Write out the stretch of lines below that begins at the line with "(* Let $\alpha=2.06$, $a=0.19$, $b=0.5095$, and" and ends at the line with "Definition a_par : R := 19 / 100.", including both, exactly as given and nothing more.

(Recorded data)
+++

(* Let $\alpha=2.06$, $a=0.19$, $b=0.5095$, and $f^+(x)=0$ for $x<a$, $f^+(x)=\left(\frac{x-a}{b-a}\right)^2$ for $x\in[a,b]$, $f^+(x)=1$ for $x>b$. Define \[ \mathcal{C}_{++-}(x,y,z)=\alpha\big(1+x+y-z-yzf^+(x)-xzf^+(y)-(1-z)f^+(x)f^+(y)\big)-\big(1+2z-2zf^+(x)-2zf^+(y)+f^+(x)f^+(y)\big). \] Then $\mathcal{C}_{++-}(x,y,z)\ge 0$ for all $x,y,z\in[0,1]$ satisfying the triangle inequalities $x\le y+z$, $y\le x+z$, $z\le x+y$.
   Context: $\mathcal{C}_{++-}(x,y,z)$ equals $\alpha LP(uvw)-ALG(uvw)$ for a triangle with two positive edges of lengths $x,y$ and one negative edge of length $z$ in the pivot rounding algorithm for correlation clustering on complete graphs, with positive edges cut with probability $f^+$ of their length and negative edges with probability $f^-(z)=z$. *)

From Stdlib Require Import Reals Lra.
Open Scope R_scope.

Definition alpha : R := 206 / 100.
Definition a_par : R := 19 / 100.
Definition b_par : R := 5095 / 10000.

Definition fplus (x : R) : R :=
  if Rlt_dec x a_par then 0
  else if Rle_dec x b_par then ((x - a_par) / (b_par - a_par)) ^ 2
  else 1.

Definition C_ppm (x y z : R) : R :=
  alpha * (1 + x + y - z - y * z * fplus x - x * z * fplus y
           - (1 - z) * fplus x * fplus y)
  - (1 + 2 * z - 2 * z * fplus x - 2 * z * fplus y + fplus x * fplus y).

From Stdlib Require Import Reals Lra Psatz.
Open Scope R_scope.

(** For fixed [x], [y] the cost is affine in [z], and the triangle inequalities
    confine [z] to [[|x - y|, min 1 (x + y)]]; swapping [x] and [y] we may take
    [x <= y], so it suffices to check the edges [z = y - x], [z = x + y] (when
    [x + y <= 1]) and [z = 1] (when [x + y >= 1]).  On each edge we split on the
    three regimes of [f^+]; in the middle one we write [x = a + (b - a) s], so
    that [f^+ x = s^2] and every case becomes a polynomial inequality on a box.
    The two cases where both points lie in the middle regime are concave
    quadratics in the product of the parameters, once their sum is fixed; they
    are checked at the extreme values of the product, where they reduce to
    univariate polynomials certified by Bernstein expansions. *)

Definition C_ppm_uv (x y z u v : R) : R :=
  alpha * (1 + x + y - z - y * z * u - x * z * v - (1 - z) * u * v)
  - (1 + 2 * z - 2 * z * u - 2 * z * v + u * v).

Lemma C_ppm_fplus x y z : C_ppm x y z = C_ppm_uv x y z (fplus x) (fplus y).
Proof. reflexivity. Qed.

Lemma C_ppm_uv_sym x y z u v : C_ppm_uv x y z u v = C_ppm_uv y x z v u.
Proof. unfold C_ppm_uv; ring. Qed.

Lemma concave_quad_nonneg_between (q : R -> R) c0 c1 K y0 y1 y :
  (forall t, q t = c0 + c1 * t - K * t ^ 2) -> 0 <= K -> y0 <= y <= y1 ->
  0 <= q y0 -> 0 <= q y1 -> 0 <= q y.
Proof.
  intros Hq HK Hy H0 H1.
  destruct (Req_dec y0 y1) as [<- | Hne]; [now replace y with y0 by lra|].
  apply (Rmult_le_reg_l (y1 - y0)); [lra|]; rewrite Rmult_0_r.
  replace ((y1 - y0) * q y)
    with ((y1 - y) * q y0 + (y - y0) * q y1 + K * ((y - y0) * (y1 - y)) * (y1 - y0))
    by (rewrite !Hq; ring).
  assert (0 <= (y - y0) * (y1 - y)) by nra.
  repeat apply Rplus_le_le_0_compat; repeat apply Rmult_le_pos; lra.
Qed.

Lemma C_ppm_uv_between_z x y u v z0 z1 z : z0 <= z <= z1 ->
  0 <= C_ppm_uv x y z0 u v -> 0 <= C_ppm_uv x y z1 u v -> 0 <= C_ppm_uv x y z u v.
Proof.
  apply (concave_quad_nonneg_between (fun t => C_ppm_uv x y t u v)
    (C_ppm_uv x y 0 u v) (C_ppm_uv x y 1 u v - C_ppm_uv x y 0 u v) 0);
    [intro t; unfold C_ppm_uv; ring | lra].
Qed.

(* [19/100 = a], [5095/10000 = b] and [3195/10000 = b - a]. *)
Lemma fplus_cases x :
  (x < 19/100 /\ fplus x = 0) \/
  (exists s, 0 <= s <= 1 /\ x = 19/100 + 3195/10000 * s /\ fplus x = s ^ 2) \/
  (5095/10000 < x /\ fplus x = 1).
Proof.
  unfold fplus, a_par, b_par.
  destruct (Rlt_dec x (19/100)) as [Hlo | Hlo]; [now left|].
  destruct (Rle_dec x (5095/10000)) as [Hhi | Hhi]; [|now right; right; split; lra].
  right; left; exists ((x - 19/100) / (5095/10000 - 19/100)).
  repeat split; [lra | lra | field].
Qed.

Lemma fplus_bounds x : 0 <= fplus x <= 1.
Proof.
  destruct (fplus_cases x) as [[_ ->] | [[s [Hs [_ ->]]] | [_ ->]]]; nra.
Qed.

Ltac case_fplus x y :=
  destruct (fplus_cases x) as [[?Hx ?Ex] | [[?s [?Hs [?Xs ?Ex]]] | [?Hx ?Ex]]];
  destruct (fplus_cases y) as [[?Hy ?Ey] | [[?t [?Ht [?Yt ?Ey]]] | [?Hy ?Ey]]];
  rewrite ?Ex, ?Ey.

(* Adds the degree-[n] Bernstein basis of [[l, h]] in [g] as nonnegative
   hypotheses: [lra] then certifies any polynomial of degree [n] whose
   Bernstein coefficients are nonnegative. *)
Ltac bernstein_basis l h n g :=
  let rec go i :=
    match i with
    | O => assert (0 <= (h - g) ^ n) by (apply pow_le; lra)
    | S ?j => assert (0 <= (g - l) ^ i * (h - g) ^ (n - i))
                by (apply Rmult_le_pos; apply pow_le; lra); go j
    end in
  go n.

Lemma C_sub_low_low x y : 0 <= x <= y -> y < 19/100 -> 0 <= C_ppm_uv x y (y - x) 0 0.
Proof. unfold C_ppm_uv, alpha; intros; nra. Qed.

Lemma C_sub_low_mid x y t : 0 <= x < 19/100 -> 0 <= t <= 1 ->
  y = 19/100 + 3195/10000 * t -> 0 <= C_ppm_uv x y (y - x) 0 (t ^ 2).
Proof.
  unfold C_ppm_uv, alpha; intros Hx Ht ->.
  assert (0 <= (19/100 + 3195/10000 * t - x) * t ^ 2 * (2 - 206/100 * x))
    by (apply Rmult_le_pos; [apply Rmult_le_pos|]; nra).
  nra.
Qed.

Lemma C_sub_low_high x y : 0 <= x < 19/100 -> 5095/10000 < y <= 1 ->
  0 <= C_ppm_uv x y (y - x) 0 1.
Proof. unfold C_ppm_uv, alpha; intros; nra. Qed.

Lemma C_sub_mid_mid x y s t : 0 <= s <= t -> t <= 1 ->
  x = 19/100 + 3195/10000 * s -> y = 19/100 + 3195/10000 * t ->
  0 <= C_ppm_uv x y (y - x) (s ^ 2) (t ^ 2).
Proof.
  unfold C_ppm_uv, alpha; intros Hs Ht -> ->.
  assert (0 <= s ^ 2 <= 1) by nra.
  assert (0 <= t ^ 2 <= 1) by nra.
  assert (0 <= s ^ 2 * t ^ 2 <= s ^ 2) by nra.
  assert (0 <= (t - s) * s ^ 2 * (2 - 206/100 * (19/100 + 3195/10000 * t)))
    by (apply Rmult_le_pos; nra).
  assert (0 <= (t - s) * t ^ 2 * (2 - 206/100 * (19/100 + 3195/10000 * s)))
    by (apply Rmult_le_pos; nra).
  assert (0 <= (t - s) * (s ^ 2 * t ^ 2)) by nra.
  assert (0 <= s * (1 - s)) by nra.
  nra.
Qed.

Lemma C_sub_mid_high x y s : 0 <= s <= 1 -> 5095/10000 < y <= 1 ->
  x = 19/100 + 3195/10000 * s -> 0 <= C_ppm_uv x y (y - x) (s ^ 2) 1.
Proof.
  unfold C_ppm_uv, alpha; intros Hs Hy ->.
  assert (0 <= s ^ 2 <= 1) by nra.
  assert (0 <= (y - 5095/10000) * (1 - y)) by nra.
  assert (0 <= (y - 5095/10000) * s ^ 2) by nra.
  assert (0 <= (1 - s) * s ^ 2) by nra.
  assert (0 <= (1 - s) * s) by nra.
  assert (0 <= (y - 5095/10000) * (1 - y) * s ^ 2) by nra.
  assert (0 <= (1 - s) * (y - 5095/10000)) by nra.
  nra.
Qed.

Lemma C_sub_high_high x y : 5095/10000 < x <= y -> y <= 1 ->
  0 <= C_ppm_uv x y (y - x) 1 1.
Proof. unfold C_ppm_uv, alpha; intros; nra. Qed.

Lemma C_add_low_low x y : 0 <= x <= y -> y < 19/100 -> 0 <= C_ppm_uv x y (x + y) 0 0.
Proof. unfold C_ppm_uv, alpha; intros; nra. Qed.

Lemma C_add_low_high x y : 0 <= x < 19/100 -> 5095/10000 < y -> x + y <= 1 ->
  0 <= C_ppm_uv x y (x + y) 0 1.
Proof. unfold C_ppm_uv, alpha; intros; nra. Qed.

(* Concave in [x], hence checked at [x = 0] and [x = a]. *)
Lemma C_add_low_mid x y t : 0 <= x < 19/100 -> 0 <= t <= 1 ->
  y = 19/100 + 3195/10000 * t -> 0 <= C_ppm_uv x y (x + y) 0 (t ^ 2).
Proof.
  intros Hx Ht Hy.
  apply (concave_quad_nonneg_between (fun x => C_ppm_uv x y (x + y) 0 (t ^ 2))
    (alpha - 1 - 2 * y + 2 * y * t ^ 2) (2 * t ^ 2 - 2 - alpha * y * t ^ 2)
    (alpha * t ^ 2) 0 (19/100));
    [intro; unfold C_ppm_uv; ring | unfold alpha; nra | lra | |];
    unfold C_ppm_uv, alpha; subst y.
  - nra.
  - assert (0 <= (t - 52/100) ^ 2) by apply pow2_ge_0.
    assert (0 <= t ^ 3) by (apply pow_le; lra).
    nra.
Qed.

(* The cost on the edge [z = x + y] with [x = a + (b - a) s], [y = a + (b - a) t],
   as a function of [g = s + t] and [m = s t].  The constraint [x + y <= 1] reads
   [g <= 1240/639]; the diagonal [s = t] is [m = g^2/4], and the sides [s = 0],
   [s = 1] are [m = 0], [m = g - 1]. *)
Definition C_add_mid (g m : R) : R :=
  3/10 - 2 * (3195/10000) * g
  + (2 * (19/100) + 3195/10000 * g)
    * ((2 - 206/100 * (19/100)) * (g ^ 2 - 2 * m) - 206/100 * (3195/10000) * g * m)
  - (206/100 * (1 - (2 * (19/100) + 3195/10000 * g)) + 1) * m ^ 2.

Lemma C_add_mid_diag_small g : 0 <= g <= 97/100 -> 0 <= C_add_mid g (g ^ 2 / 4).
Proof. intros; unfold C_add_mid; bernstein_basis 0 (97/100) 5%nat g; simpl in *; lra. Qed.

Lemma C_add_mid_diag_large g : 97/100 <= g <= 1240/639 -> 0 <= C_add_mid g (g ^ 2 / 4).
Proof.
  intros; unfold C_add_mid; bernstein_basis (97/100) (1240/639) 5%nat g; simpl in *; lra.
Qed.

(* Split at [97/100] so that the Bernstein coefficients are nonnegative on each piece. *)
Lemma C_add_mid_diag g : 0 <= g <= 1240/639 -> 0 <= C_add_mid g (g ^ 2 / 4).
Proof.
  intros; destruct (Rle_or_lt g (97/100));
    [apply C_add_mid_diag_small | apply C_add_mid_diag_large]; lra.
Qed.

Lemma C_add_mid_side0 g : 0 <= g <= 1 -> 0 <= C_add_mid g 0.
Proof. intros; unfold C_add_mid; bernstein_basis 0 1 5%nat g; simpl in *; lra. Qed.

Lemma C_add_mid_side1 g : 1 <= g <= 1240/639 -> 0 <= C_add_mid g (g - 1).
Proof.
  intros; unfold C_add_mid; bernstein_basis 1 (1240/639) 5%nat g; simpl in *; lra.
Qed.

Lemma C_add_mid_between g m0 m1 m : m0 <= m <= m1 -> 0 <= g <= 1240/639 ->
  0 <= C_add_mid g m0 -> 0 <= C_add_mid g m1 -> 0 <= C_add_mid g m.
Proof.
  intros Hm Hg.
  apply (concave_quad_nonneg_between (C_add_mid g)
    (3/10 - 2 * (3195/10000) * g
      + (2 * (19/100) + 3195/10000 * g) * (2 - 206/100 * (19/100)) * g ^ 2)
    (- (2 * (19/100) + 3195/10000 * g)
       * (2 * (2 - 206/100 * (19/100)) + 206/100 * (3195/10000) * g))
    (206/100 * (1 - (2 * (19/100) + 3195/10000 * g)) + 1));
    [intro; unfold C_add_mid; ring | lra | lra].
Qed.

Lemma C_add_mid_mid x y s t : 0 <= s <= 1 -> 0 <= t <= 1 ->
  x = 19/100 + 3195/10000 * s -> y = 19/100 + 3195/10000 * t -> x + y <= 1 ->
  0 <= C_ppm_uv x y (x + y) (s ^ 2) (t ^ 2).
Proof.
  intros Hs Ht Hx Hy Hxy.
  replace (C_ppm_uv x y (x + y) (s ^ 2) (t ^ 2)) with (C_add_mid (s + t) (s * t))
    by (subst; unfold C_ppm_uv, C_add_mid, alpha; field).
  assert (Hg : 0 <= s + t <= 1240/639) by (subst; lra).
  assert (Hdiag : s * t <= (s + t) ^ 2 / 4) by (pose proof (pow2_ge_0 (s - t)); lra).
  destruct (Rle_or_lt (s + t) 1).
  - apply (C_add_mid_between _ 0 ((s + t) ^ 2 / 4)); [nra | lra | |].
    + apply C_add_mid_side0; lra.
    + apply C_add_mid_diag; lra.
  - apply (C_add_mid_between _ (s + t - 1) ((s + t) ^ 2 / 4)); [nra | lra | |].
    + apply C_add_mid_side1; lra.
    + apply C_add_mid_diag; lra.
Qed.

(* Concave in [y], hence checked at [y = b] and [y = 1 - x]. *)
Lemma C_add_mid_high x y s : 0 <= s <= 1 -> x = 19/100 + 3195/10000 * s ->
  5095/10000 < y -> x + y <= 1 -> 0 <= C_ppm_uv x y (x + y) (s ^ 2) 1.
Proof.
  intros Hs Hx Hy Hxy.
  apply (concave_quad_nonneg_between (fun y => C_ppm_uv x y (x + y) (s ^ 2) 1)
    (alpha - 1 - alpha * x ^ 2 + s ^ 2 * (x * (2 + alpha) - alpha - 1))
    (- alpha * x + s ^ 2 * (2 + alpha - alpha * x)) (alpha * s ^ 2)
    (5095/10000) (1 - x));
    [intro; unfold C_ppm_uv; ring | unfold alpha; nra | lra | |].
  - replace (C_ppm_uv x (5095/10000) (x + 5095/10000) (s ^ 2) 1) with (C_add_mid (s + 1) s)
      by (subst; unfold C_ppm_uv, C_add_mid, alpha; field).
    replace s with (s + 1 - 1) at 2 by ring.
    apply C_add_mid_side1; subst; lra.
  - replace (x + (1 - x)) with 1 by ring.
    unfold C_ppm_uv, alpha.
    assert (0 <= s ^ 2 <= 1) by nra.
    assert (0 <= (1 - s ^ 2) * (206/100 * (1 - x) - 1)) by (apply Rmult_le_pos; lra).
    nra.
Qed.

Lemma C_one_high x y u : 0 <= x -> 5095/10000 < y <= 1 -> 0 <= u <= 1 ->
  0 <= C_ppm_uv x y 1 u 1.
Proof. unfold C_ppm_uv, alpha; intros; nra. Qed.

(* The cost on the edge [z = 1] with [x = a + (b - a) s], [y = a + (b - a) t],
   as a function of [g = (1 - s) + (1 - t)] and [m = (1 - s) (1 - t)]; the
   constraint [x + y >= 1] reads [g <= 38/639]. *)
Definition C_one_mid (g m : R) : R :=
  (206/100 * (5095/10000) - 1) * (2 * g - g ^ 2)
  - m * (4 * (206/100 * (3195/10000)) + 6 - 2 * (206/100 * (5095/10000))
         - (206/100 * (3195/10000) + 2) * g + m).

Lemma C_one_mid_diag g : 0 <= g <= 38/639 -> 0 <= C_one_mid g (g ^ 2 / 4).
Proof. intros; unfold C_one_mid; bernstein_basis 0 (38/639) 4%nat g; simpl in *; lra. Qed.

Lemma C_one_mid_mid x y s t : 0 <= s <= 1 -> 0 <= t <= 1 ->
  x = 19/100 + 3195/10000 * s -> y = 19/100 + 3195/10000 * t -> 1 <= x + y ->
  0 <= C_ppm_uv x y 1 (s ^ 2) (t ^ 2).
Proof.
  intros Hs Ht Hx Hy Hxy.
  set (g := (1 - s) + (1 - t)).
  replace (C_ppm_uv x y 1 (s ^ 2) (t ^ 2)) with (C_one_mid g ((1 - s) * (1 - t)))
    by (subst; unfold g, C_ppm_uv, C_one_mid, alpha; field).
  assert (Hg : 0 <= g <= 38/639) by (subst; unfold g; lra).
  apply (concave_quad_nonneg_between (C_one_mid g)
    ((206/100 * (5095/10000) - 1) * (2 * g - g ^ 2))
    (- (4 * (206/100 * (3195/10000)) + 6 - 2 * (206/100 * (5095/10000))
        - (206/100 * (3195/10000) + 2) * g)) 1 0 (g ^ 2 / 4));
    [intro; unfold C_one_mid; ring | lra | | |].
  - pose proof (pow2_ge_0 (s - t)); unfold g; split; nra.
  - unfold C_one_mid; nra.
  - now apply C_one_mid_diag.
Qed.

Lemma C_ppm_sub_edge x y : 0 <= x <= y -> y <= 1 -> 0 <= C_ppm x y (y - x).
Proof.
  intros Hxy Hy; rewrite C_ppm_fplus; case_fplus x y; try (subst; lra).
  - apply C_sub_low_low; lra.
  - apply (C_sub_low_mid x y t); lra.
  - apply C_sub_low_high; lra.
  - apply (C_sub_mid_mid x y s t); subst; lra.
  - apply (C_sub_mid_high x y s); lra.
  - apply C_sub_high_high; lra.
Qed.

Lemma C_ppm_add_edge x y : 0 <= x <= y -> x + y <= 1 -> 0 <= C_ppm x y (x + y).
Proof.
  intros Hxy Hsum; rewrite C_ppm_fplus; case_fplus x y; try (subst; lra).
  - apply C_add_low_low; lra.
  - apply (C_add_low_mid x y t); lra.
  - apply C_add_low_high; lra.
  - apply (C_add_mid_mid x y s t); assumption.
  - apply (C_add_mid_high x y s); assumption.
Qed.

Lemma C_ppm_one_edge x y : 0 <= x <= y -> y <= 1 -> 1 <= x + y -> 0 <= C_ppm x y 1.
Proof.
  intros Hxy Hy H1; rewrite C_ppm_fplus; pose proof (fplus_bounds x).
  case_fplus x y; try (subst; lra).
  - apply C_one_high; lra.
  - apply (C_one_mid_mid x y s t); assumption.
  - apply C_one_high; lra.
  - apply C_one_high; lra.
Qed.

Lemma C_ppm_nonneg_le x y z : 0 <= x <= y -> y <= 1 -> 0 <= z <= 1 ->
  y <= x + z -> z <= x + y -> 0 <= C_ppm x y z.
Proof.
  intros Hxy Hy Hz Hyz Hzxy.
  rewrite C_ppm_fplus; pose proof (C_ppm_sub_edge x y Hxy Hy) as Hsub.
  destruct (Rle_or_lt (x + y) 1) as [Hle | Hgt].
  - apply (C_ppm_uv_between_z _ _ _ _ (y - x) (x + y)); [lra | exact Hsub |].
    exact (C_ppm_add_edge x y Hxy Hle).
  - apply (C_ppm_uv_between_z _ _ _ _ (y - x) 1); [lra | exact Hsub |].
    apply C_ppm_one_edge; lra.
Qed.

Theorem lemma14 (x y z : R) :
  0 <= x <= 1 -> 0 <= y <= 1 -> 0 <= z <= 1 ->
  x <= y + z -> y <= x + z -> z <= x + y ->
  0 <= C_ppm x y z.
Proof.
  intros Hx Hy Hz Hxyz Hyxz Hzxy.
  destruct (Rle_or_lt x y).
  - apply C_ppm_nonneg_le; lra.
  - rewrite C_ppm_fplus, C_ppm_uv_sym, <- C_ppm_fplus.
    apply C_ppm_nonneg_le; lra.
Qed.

+++

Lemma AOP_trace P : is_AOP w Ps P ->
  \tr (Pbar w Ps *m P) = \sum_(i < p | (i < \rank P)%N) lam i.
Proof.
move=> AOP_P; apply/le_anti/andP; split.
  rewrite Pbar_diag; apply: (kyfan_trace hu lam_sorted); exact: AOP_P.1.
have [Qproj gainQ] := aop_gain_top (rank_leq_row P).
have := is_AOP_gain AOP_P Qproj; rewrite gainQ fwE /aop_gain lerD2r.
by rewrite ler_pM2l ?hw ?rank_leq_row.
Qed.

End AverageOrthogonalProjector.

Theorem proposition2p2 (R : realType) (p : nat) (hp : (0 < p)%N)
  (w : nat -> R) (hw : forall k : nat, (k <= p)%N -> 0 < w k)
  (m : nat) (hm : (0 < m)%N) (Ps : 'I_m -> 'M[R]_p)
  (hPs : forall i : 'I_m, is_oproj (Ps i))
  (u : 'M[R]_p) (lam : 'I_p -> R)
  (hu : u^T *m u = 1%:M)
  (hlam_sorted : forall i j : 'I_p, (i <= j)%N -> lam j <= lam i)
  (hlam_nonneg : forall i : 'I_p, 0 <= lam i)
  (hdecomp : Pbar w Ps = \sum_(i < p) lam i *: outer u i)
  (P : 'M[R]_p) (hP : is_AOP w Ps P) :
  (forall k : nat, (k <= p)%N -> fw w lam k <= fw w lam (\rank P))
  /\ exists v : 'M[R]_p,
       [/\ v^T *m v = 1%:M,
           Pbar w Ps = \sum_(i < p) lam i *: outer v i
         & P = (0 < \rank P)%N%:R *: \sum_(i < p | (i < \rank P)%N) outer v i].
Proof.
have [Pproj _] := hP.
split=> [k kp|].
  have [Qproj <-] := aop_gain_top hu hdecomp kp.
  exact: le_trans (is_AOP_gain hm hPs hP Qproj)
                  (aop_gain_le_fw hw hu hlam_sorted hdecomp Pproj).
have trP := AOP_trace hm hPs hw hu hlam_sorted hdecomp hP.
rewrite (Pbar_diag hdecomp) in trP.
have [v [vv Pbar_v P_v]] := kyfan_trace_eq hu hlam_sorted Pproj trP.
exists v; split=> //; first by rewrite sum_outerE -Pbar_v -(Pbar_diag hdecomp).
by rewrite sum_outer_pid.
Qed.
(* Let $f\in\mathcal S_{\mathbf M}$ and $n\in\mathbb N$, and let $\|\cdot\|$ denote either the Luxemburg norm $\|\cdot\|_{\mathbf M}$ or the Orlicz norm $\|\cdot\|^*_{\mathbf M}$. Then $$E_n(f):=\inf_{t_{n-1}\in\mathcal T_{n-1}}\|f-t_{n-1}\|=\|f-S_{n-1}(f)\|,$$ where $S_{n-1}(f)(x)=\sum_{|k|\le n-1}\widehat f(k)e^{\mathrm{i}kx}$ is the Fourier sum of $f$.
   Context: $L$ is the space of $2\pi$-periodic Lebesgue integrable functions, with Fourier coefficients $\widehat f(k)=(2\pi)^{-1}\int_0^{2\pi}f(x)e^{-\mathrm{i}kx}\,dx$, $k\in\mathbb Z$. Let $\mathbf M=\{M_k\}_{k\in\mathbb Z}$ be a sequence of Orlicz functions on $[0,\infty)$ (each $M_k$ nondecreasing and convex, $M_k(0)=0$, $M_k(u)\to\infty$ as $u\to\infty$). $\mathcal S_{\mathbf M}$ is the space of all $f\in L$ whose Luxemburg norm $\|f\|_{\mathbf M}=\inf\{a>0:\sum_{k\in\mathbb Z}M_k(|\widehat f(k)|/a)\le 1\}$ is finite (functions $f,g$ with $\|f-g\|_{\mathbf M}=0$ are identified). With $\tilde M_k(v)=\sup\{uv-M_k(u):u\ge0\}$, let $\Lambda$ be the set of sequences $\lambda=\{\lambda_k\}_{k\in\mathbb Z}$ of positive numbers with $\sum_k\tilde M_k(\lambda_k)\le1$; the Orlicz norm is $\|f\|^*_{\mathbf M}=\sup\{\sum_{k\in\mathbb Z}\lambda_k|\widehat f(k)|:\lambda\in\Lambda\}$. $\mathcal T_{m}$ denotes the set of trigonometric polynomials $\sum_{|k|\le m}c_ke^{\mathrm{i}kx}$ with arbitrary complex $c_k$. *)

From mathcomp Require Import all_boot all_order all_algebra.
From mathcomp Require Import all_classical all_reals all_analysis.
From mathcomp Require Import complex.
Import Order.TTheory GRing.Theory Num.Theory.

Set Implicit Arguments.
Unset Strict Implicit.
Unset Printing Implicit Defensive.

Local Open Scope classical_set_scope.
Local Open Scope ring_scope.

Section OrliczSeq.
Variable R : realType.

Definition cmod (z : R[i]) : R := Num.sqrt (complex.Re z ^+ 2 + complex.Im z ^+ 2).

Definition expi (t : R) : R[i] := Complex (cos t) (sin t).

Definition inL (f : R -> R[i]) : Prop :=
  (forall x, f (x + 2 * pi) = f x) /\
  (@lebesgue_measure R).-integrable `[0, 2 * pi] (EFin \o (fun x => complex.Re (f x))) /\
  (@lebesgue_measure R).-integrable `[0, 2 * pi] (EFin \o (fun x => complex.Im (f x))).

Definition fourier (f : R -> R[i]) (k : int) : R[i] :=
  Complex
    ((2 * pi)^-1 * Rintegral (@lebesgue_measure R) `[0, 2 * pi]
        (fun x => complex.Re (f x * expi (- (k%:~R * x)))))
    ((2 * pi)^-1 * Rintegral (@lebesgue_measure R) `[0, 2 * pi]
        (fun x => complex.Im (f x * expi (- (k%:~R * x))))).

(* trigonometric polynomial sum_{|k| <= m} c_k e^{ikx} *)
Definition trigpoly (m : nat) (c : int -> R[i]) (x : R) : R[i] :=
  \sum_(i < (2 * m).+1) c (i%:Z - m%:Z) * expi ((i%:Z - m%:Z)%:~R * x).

+++

ANSWER SPACE
(* Let $\alpha=2.06$, $a=0.19$, $b=0.5095$, and $f^+(x)=0$ for $x<a$, $f^+(x)=\left(\frac{x-a}{b-a}\right)^2$ for $x\in[a,b]$, $f^+(x)=1$ for $x>b$. Define \[ \mathcal{C}_{++-}(x,y,z)=\alpha\big(1+x+y-z-yzf^+(x)-xzf^+(y)-(1-z)f^+(x)f^+(y)\big)-\big(1+2z-2zf^+(x)-2zf^+(y)+f^+(x)f^+(y)\big). \] Then $\mathcal{C}_{++-}(x,y,z)\ge 0$ for all $x,y,z\in[0,1]$ satisfying the triangle inequalities $x\le y+z$, $y\le x+z$, $z\le x+y$.
   Context: $\mathcal{C}_{++-}(x,y,z)$ equals $\alpha LP(uvw)-ALG(uvw)$ for a triangle with two positive edges of lengths $x,y$ and one negative edge of length $z$ in the pivot rounding algorithm for correlation clustering on complete graphs, with positive edges cut with probability $f^+$ of their length and negative edges with probability $f^-(z)=z$. *)

From Stdlib Require Import Reals Lra.
Open Scope R_scope.

Definition alpha : R := 206 / 100.
Definition a_par : R := 19 / 100.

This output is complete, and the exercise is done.